_Source data_
-*-*-

(* In the security-second routing model, for any destination $d$, attacker $m$, source AS $s$, and deployment (set of secure ASes) $S\subseteq V$, $s$ stabilizes to a route of the same type as any route in $\mathrm{BPR}(s,\emptyset,m,d)$.
   Context: An AS graph is an undirected graph $G=(V,E)$ of ASes; each edge is labeled customer–provider or peer–peer. Routing is to a destination $d$; $d$ announces ''$d$'' to neighbors; each other AS selects at most one route and announces it (prepended with itself) per the export policy (Ex): a route whose next hop is a customer is announced to all neighbors, otherwise only to customers. A route at $s$ is a customer/peer/provider route according to the relation of its next hop to $s$; its length is its number of hops in the announced AS path. Insecure ASes rank routes by (LP) customer over peer over provider, then (SP) shorter, then (TB) a fixed deterministic tie-break; in the security-second model, each secure AS (member of $S$) additionally prefers secure routes (all ASes on the route in $S$) over insecure ones, applied between LP and SP. Attack: attacker $m\ne d$ (not a neighbor of $d$) announces the bogus path ''$m,d$'' via insecure BGP to all neighbors. Perceivable routes: a simple route $R=(v_{i-1},\dots,v_1,d)$ is perceivable at $v_i$ if either (1) $R$ does not contain $m$ and for every $0<j<i$, $v_j$ announcing $(v_j,\dots,d)$ to $v_{j+1}$ does not violate Ex, or (2) $v_1=m$ and for every $1<j<i$, $v_j$ announcing $(v_j,\dots,d)$ to $v_{j+1}$ does not violate Ex. $\mathrm{PR}(s,m,d)$ is the set of perceivable routes at $s$; $\mathrm{BPR}(s,\emptyset,m,d)$ is the set of routes in $\mathrm{PR}(s,m,d)$ that $s$ prefers over all other perceivable routes according to the ranking before the tie-break step when no AS is secure (i.e., those of best LP type and, among them, shortest length). *)

From HB Require Import structures.
From mathcomp Require Import all_boot.
Set Implicit Arguments. Unset Strict Implicit. Unset Printing Implicit Defensive.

-*-*-

_What to work on_
A faithful, complete copy of the entries above is required.

_Result below_
(* In the security-second routing model, for any destination $d$, attacker $m$, source AS $s$, and deployment (set of secure ASes) $S\subseteq V$, $s$ stabilizes to a route of the same type as any route in $\mathrm{BPR}(s,\emptyset,m,d)$.
   Context: An AS graph is an undirected graph $G=(V,E)$ of ASes; each edge is labeled customer–provider or peer–peer. Routing is to a destination $d$; $d$ announces ''$d$'' to neighbors; each other AS selects at most one route and announces it (prepended with itself) per the export policy (Ex): a route whose next hop is a customer is announced to all neighbors, otherwise only to customers. A route at $s$ is a customer/peer/provider route according to the relation of its next hop to $s$; its length is its number of hops in the announced AS path. Insecure ASes rank routes by (LP) customer over peer over provider, then (SP) shorter, then (TB) a fixed deterministic tie-break; in the security-second model, each secure AS (member of $S$) additionally prefers secure routes (all ASes on the route in $S$) over insecure ones, applied between LP and SP. Attack: attacker $m\ne d$ (not a neighbor of $d$) announces the bogus path ''$m,d$'' via insecure BGP to all neighbors. Perceivable routes: a simple route $R=(v_{i-1},\dots,v_1,d)$ is perceivable at $v_i$ if either (1) $R$ does not contain $m$ and for every $0<j<i$, $v_j$ announcing $(v_j,\dots,d)$ to $v_{j+1}$ does not violate Ex, or (2) $v_1=m$ and for every $1<j<i$, $v_j$ announcing $(v_j,\dots,d)$ to $v_{j+1}$ does not violate Ex. $\mathrm{PR}(s,m,d)$ is the set of perceivable routes at $s$; $\mathrm{BPR}(s,\emptyset,m,d)$ is the set of routes in $\mathrm{PR}(s,m,d)$ that $s$ prefers over all other perceivable routes according to the ranking before the tie-break step when no AS is secure (i.e., those of best LP type and, among them, shortest length). *)

From HB Require Import structures.
From mathcomp Require Import all_boot.
Set Implicit Arguments. Unset Strict Implicit. Unset Printing Implicit Defensive.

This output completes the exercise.